Непонятна его дружба с Пястом, еще непонятней — с Евгением Ивановым и В. Зоргенфреем, которым, кстати, посвящены два шедевра блоковской поэзии: одному — "У насыпи во рву некошенном", другому — потрясающие "Шаги Командора".
Пяст, поэт-дилетант, лингвист-любитель, странная фигура в вечных клетчатых штанах, носивший канотье чуть ли не в декабре, постоянно одержимый какой-нибудь «идеей»: то устройства колонии лингвистов на острове Эзеле, то подсчетом ударений в цоканье соловья — и реформы стихосложения на основании этого подсчета, и с упорством маниака говоривший только о своей, очередной, «идее», пока он был ею одержим… Евгений Иванов — "рыжий Женя" — рыжий от бороды до зрачков, готовивший сам себе обед на спиртовке из страха, что кухарка обозлится вдруг на что-нибудь и "возьмет да подсыпет мышьяку".
"Рыжий Женя", в противоположность болтливому Пясту, молчал часами, потом произносил ни с того ни с сего какое-нибудь многозначительное слово: «Бог», или «смерть», или «судьба», и снова замолкал. — Почему Бог? Что смерть? Но рыжий Женя смотрит странно, странными рыжими глазами, скалит белые, мелкие зубы, точно хочет укусить, и не отвечает. Зоргенфрей — среднее между Пястом и Ивановым — говорит вполне вразумительно и логично.
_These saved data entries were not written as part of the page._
Lemma two_neq0_oddcard (F : finFieldType) : odd #|F| -> (2%:R != 0 :> F)%R.
Proof.
move=> hodd; apply/negP => /eqP h2.
have pc : 2 \in [pchar F]%R by apply/andP; split => //; apply/eqP.
have /= := card_pprimeChar pc; set k := logn _ _ => hF.
have hF1 : 1 < #|F| by rewrite (cardD1 0%R) (cardD1 1%R) !inE (oner_neq0 F).
by move: hodd hF1; rewrite hF; case: k {hF} => [|k] //; rewrite expnS oddM.
Qed.

Lemma w_b1_row_mx (F : finFieldType) m n (y : 'rV[F]_m) (z : 'rV[F]_n) :
  w_b 1 (row_mx y z) = w_b 1 y + w_b 1 z.
Proof.
rewrite !w_b1E big_split_ord /=.
by congr (_ + _); apply: eq_bigr => k _; rewrite (row_mxEl, row_mxEr).
Qed.

Section PlusMinus.
Variables (F : finFieldType) (n : nat) (C1 C2 : {vspace 'rV[F]_n}).
Implicit Types u v : 'rV[F]_n.
Local Open Scope ring_scope.

Definition row_dup : 'Hom('rV[F]_n, 'rV[F]_(n + n)) := linfun (mulmxr (row_mx 1%:M 1%:M)).
Definition row_dupN : 'Hom('rV[F]_n, 'rV[F]_(n + n)) := linfun (mulmxr (row_mx 1%:M (- 1%:M))).

Lemma row_dupE u : row_dup u = row_mx u u.
Proof. by rewrite lfunE /= mul_mx_row mulmx1. Qed.

Lemma row_dupNE v : row_dupN v = row_mx v (- v).
Proof. by rewrite lfunE /= mul_mx_row mulmxN mulmx1. Qed.

Lemma row_dup_pm u v : row_mx (u + v) (u - v) = row_dup u + row_dupN v.
Proof. by rewrite row_dupE row_dupNE add_row_mx. Qed.

Lemma pm_codeE : pm_code C1 C2 = (row_dup @: C1 + row_dupN @: C2)%VS.
Proof.
apply/eqP; rewrite eqEsubv; apply/andP; split.
  apply/span_subvP => w; rewrite mem_enum => /imset2P [u v hu hv ->].
  by rewrite row_dup_pm memv_add ?memv_img.
apply/subvP => w /memv_addP [_ /memv_imgP [u hu ->] [_ /memv_imgP [v hv ->] ->]].
by rewrite -row_dup_pm memv_span // mem_enum; apply/imset2P; exists u v.
Qed.

Lemma pm_codeP c :
  reflect (exists2 u, u \in C1 & exists2 v, v \in C2 & c = row_mx (u + v) (u - v))
          (c \in pm_code C1 C2).
Proof.
rewrite pm_codeE; apply: (iffP memv_addP).
  move=> [_ /memv_imgP [u hu ->] [_ /memv_imgP [v hv ->] ->]].
  by exists u => //; exists v; rewrite // row_dup_pm.
move=> [u hu [v hv ->]]; rewrite row_dup_pm.
by exists (row_dup u); rewrite ?memv_img //; exists (row_dupN v); rewrite ?memv_img.
Qed.

Lemma dim_pm_code : 2%:R != 0 :> F -> \dim (pm_code C1 C2) = (\dim C1 + \dim C2)%N.
Proof.
move=> h2.
have ker0 : lker row_dup = 0%VS.
  by apply/eqP/lker0P => u u'; rewrite !row_dupE => /eq_row_mx [].
have kerN0 : lker row_dupN = 0%VS.
  by apply/eqP/lker0P => u u'; rewrite !row_dupNE => /eq_row_mx [].
have disj : (row_dup @: C1 :&: row_dupN @: C2 = 0)%VS.
  apply/eqP; rewrite -subv0; apply/subvP => w /memv_capP [/memv_imgP [u _ ->]].
  move=> /memv_imgP [v _]; rewrite row_dupE row_dupNE => /eq_row_mx [-> evu].
  have : 2%:R *: v = 0 by rewrite scaler_nat mulr2n {2}evu subrr.
  by move/eqP; rewrite scaler_eq0 (negbTE h2) memv0 => /eqP ->; rewrite row_mx0.
by rewrite pm_codeE dimv_disjoint_sum // !limg_dim_eq // ?ker0 ?kerN0 capv0.
Qed.

Lemma pm_w_b1_le1 u v : 2%:R != 0 :> F -> row_mx (u + v) (u - v) != 0 ->
  (w_b 1 (row_mx (u + v) (u - v)) <= 1)%N -> u != 0 /\ (w_b 1 u <= 1)%N.
Proof.
move=> h2 c0; rewrite w_b1_row_mx => hw.
have w0 : w_b 1 (0 : 'rV[F]_n) = 0%N by apply/eqP; rewrite w_b1_eq0.
suff [hu hwu] : u + u != 0 /\ (w_b 1 (u + u) <= 1)%N.
  split; first by apply: contraNneq hu => ->; rewrite addr0.
  by rewrite -mulr2n -scaler_nat /w_b chi_bZ in hwu.
have [e|e] : u + v = 0 \/ u - v = 0.
  case: (eqVneq (u + v) 0) => [|huv]; [by left|right].
  by apply/eqP; rewrite -w_b1_eq0 -leqn0 -(leq_add2l (w_b 1 (u + v))) addn0;
     apply: leq_trans hw _; rewrite lt0n w_b1_eq0.
- rewrite -(addr0_eq e) subrr opprK w0 in c0 hw.
  by split => //; apply: contraNneq c0 => ->; rewrite row_mx0.
- rewrite -(subr0_eq e) subrr w0 addn0 in c0 hw.
  by split => //; apply: contraNneq c0 => ->; rewrite row_mx0.
Qed.

Lemma pm_code_d_b_gt b : 2%:R != 0 :> F -> (0 < b < n)%N -> (b < d_b b C1)%N ->
  (b < d_b b (pm_code C1 C2))%N.
Proof.
move=> h2 /andP [hb hbn] hC1; apply: d_b_ge => [|c /pm_codeP [u hu [v hv ->]] c0].
  by rewrite ltn_addr.
case: (ltnP 1 (w_b 1 (row_mx (u + v) (u - v)))) => hw.
  by apply: w_b_gt_w_b1; rewrite // hb ltn_addr.
have [u0 hwu] := pm_w_b1_le1 h2 c0 hw.
have := leq_trans hC1 (d_b_le b hu u0).
by rewrite ltnNge w_b_le_w_b1 // ltnW.
Qed.

End PlusMinus.

Section WrapAround.
Variables (F : finFieldType) (n : nat).
Local Open Scope ring_scope.

Definition wrap_gap_geq b (x : 'rV[F]_n) : Prop :=
  forall p1 p2 : 'I_n, x 0 p1 != 0 -> x 0 p2 != 0 -> (p1 + b <= p2 + n)%N.

Lemma chi_b_row_mx0P b (x : 'rV[F]_n) (i : 'I_(n + n)) : (b <= n + n)%N ->
  i \in chi_b b (row_mx x 0) -> exists2 p : 'I_n, x 0 p != 0 & (cdist i (lshift n p) < b)%N.
Proof.
move=> hbnn; rewrite chi_bE // => /bigcupP [k]; rewrite inE -(splitK k).
by case: (split k) => p /=; rewrite ?row_mxEl ?row_mxEr ?mxE ?eqxx // => hp hi; exists p.
Qed.
(* Let $n\in\mathbb N$ and $i\in\{1,2\}$. Then $r(P_n,T_n^i)=2n-7$ for $n\ge 17$; $r(P_{n-1},T_n^i)=2n-7$ for $n\ge 13$; $r(P_{n-2},T_n^i)=2n-7$ for $n\ge 11$; and $r(P_{n-3},T_n^i)=2n-7$ for $n\ge 8$.
   Context: All graphs are finite and simple; a graph ''contains'' $H$ if it has a subgraph isomorphic to $H$. $P_m$ denotes the path on $m$ vertices. For graphs $G_1,G_2$, the Ramsey number $r(G_1,G_2)$ is the smallest positive integer $N$ such that for every graph $G$ on $N$ vertices, either $G$ contains a copy of $G_1$ or the complement $\overline G$ contains a copy of $G_2$. For $n\ge 5$, $T_n^1$ is the tree with vertex set $\{v_0,\ldots,v_{n-1}\}$ and edges $v_0v_1,\ldots,v_0v_{n-3},v_{n-4}v_{n-2},v_{n-3}v_{n-1}$, and $T_n^2$ is the tree on the same vertex set with edges $v_0v_1,\ldots,v_0v_{n-3},v_{n-3}v_{n-2},v_{n-3}v_{n-1}$. *)

From mathcomp Require Import all_boot.
Set Implicit Arguments. Unset Strict Implicit. Unset Printing Implicit Defensive.

Definition simple_graph (N : nat) (g : rel 'I_N) : Prop :=
  symmetric g /\ irreflexive g.

Definition compl_graph (N : nat) (g : rel 'I_N) : rel 'I_N :=
  fun x y => (x != y) && ~~ g x y.

(* A pattern graph H on vertex set {0,...,m-1}, given by an adjacency
   relation h on nat (only its restriction to 'I_m matters). *)
Definition contains (m : nat) (h : rel nat) (N : nat) (g : rel 'I_N) : Prop :=
  exists f : 'I_m -> 'I_N, injective f /\
    forall x y : 'I_m, h x y -> g (f x) (f y).
(* Let $c_1\ge\dots\ge c_{m+1}\ge0$ and $d_1\ge\dots\ge d_m\ge0$ be integers. Let $(r_1,r_2,\dots)$ and $(s_1,s_2,\dots)$ be the conjugate partitions of $(c_1,\dots,c_{m+1})$ and $(d_1,\dots,d_m)$, and $r_0=m+1=s_0+1$. Let $g=\max\{i\ge0: r_i>s_i\}$ and $h=\min\{i\ge1: d_i<c_i\}$, with the convention $d_{m+1}=-\infty$. Then $g=c_h$ and $$\sum_{j=1}^{g}(r_j-s_j-1)=\sum_{j=h}^{m}(c_{j+1}-d_j).$$
   Context: The conjugate of a finite nonincreasing sequence $(a_1,\dots,a_n)$ of nonnegative integers is $(\bar a_1,\bar a_2,\dots)$ with $\bar a_k=\#\{i: a_i\ge k\}$ for $k\ge1$. *)

From mathcomp Require Import all_boot all_order all_algebra.
Set Implicit Arguments. Unset Strict Implicit. Unset Printing Implicit Defensive.
Import GRing.Theory Num.Theory.

(* A finite sequence (a_1,...,a_n) is encoded as a function a : nat -> nat,
   only the values a 1, ..., a n being relevant (1-based indexing). *)

(* Conjugate: conj_part n a k = #{ i in 1..n : a_i >= k }.
   For k = 0 this is n, matching r_0 = m+1 and s_0 = m. *)
Definition conj_part (n : nat) (a : nat -> nat) (k : nat) : nat :=
  count (fun i => k <= a i) (iota 1 n).

Definition is_gidx (r s : nat -> nat) (g : nat) : Prop :=
  s g < r g /\ (forall i, s i < r i -> i <= g).

(* h is the minimum of { i >= 1 : d_i < c_i } with d_{m+1} = -infinity,
   i.e. i ranges over 1..m+1 and i = m+1 always qualifies. *)
Definition is_hidx (m : nat) (c d : nat -> nat) (h : nat) : Prop :=
  [/\ 1 <= h <= m.+1, (h = m.+1 \/ d h < c h)
    & forall i, 1 <= i -> i < h -> i <= m /\ c i <= d i].

(* With k := c_h one has c_1, ..., c_h >= k > d_h, ..., d_m, so r_k >= h > s_k;
   above k only the c_i with i < h count, and those satisfy c_i <= d_i, so
   r_j <= s_j for j > k.  Summing conjugates gives
   sum_(j <= g) r_j = sum_i min(c_i, g), and truncating at g = c_h replaces
   c_1, ..., c_h and d_1, ..., d_(h-1) by g while leaving the other parts
   unchanged; the g-terms cancel against the -1's. *)
From mathcomp Require Import all_boot all_order all_algebra zify.

Set Implicit Arguments.
Unset Strict Implicit.
Unset Printing Implicit Defensive.

Import GRing.Theory Num.Theory.

Definition nonincreasing_on (n : nat) (a : nat -> nat) : Prop :=
  forall i, 1 <= i < n -> a i.+1 <= a i.

Lemma nonincreasing_on_leq n a : nonincreasing_on n a ->
  forall i j, 1 <= i <= j -> j <= n -> a j <= a i.
Proof.
move=> a_noninc i j /andP[i_gt0 le_ij]; rewrite -(subnKC le_ij).
elim: (j - i) => [|k IHk] le_n; first by rewrite addn0.
by apply: leq_trans (IHk _); [rewrite addnS; apply: a_noninc|]; lia.
Qed.

Section Conjugate.

Variables (n : nat) (a : nat -> nat).

Lemma conj_part_le_size k : conj_part n a k <= n.
Proof. by rewrite -[leqRHS](size_iota 1) count_size. Qed.

Lemma conj_partE k : conj_part n a k = \sum_(1 <= i < n.+1) (k <= a i).
Proof.
rewrite /conj_part -sum1_count big_mkcond /index_iota subSS subn0.
by apply: eq_bigr => i _; case: (k <= a i).
Qed.

Lemma leq_conj_part : nonincreasing_on n a -> forall k p, 1 <= p <= n ->
  (p <= conj_part n a k) = (k <= a p).
Proof.
move=> /nonincreasing_on_leq a_noninc k p /andP[p_gt0 le_pn]; rewrite /conj_part.
have [le_k_ap | lt_ap_k] := leqP k (a p).
  rewrite -(subnKC le_pn) iotaD count_cat.
  have -> : count (fun i => k <= a i) (iota 1 p) = p.
    apply/eqP; rewrite -[p in _ == p](size_iota 1) -all_count.
    apply/allP => i; rewrite mem_iota => /andP[i_gt0 lt_i_p].
    by apply: leq_trans le_k_ap (a_noninc _ _ _ _); lia.
  exact: leq_addr.
apply/negbTE; rewrite -ltnNge -(subnKC (leq_trans (leq_pred p) le_pn)).
rewrite iotaD count_cat.
have -> : count (fun i => k <= a i) (iota (1 + p.-1) (n - p.-1)) = 0.
  apply/eqP; rewrite -leqn0 leqNgt -has_count; apply/hasPn => i.
  rewrite mem_iota -ltnNge => /andP[le_p_i lt_i_n].
  by apply: leq_ltn_trans lt_ap_k; apply: a_noninc; lia.
rewrite addn0; apply: leq_ltn_trans (count_size _ _) _.
by rewrite size_iota; lia.
Qed.

Lemma sum_leq_minn x y : \sum_(1 <= j < y.+1) (j <= x) = minn x y.
Proof.
elim: y => [|y IHy]; first by rewrite big_geq // minn0.
by rewrite big_nat_recr //= IHy; case: (leqP y.+1 x) => /=; lia.
Qed.

Lemma sum_conj_part x :
  \sum_(1 <= j < x.+1) conj_part n a j = \sum_(1 <= i < n.+1) minn (a i) x.
Proof.
under eq_bigr do rewrite conj_partE.
by rewrite exchange_big_nat /=; apply: eq_bigr => i _; rewrite sum_leq_minn.
Qed.

Lemma sum_minn_split x p : 1 <= p <= n.+1 ->
    (forall i, 1 <= i < p -> x <= a i) -> (forall i, p <= i <= n -> a i <= x) ->
  \sum_(1 <= i < n.+1) minn (a i) x = p.-1 * x + \sum_(p <= i < n.+1) a i.
Proof.
move=> /andP[p_gt0 le_p_n1] a_ge_x a_le_x.
rewrite (big_cat_nat p_gt0 le_p_n1) /=; congr (_ + _).
  rewrite (eq_big_nat _ _ (F2 := fun=> x)) ?sum_nat_const_nat ?subn1 // => i.
  by move=> /a_ge_x /minn_idPr.
by apply: eq_big_nat => i /andP[le_p_i lt_i_n]; apply/minn_idPl/a_le_x/andP.
Qed.

End Conjugate.

Lemma is_gidx_eq r s g k : s k < r k -> (forall j, k < j -> r j <= s j) ->
  is_gidx r s g -> g = k.
Proof.
move=> gap_k no_gap [gap_g g_max]; apply/eqP; rewrite eqn_leq g_max // andbT.
by rewrite leqNgt; apply/negP => /no_gap; rewrite leqNgt gap_g.
Qed.

Section Interlacing.

Variables (m : nat) (c d : nat -> nat) (h : nat).
Hypotheses (c_noninc : nonincreasing_on m.+1 c) (d_noninc : nonincreasing_on m d).
Hypothesis h_idx : is_hidx m c d h.

Let h_bounds : 1 <= h <= m.+1.
Proof. by case: h_idx. Qed.

Let c_le_d i : 1 <= i < h -> i <= m /\ c i <= d i.
Proof. by case: h_idx => _ _ /(_ i); lia. Qed.

Let ch_le_c i : 1 <= i <= h -> c h <= c i.
Proof. by move=> i_bounds; apply: (nonincreasing_on_leq c_noninc); lia. Qed.

Let c_le_ch i : h <= i <= m.+1 -> c i <= c h.
Proof. by move=> i_bounds; apply: (nonincreasing_on_leq c_noninc); lia. Qed.

Let d_lt_ch i : h <= i <= m -> d i < c h.
Proof.
move=> /andP[le_h_i le_i_m]; case: h_idx => _ [h_top|dh_lt_ch] _; first lia.
by apply: leq_ltn_trans dh_lt_ch; apply: (nonincreasing_on_leq d_noninc); lia.
Qed.

Lemma conj_part_gap_at_ch : conj_part m d (c h) < conj_part m.+1 c (c h).
Proof.
apply: (@leq_trans h); last by rewrite leq_conj_part.
have [h_top | h_ne_top] := eqVneq h m.+1; first by rewrite h_top ltnS conj_part_le_size.
by rewrite ltnNge leq_conj_part -?ltnNge ?d_lt_ch //; lia.
Qed.

Lemma conj_part_no_gap_above k : c h < k -> conj_part m.+1 c k <= conj_part m d k.
Proof.
move=> lt_ch_k; set p := conj_part m.+1 c k.
have [-> // | p_gt0] := posnP p.
have p_bounds : 1 <= p <= m.+1 by rewrite p_gt0 conj_part_le_size.
have le_k_cp : k <= c p by rewrite -(leq_conj_part c_noninc).
have lt_p_h : p < h.
  rewrite ltnNge; apply/negP => le_h_p.
  have : c p <= c h by apply: c_le_ch; lia.
  lia.
have [le_p_m le_cp_dp] : p <= m /\ c p <= d p by apply: c_le_d; lia.
by rewrite leq_conj_part ?(leq_trans le_k_cp) // p_gt0.
Qed.

Lemma sum_minn_c_ch :
  \sum_(1 <= i < m.+2) minn (c i) (c h) = h * c h + \sum_(h <= i < m.+1) c i.+1.
Proof.
rewrite (sum_minn_split (p := h.+1)) ?big_add1 //; first lia.
by move=> i i_bounds; apply: c_le_ch; lia.
Qed.

Lemma sum_minn_d_ch :
  \sum_(1 <= i < m.+1) minn (d i) (c h) = h.-1 * c h + \sum_(h <= i < m.+1) d i.
Proof.
rewrite (sum_minn_split (p := h)) //.
- move=> i i_bounds; have [_] := c_le_d i_bounds.
  by apply/leq_trans/ch_le_c; lia.
- by move=> i /d_lt_ch /ltnW.
Qed.

End Interlacing.

Local Open Scope ring_scope.

Theorem lemma4p4 (m : nat) (c d : nat -> nat)
  (hc : forall i : nat, (1 <= i <= m)%N -> (c i.+1 <= c i)%N)
  (hd : forall i : nat, (1 <= i < m)%N -> (d i.+1 <= d i)%N)
  (g h : nat)
  (hg : is_gidx (conj_part m.+1 c) (conj_part m d) g)
  (hh : is_hidx m c d h) :
  g = c h /\
  \sum_(1 <= j < g.+1)
     ((conj_part m.+1 c j)%:Z - (conj_part m d j)%:Z - 1)
  = \sum_(h <= j < m.+1) ((c j.+1)%:Z - (d j)%:Z).
Proof.
have gE : g = c h.
  apply: is_gidx_eq hg; first exact: conj_part_gap_at_ch hc hd hh.
  exact: conj_part_no_gap_above hc hd hh.
split=> //; have h_gt0 : (0 < h)%N by case: hh => /andP[].
rewrite !sumrB sumr_const_nat -!(big_morph _ PoszD (erefl 0%:Z)).
rewrite !sum_conj_part gE (sum_minn_c_ch hc hh) (sum_minn_d_ch hc hd hh).
by rewrite -[h in (h * _)%N](prednK h_gt0) mulSn subSS subn0 natz; lia.
Qed.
Только заводит разговор большею частью на тему о ритуальных убийствах — это его конек. Он большой знаток вопроса — изучил Каббалу, в переписке с знаменитым ксендзом Пранайтисом. Точно в насмешку, природа дала ему характерную еврейскую внешность, хотя по отцу он прибалтийский немец, а по матери грузин…
Почему эти люди близки Блоку? Чем близки? Вернее всего — он их не замечает. Они попали в его орбиту — общаясь с ними, он видит только себя, свое одиночество в "Страшном мире". И их лица, их голоса, даже их странности, к которым он привык, — то же, что аккуратно протираемый полотенцем стакан, разграфленная "получено — отвечено" книжка с золотым обрезом, методический порядок на письменном столе. Все та же "самозащита от хаоса"…
Эти четверо — Зоргенфрей, Иванов, Пяст и Чулков — неизменные собутыльники Блока, когда, время от времени, его тянет на кабацкий разгул.
Именно — кабацкий. Холеный, барственный, чистоплотный Блок любит только самые грязные, проплеванные и прокуренные "злачные места": «Слон» на Разъезжей, «Яр» на Большом проспекте. После «Слона» или «Яра» — к цыганам…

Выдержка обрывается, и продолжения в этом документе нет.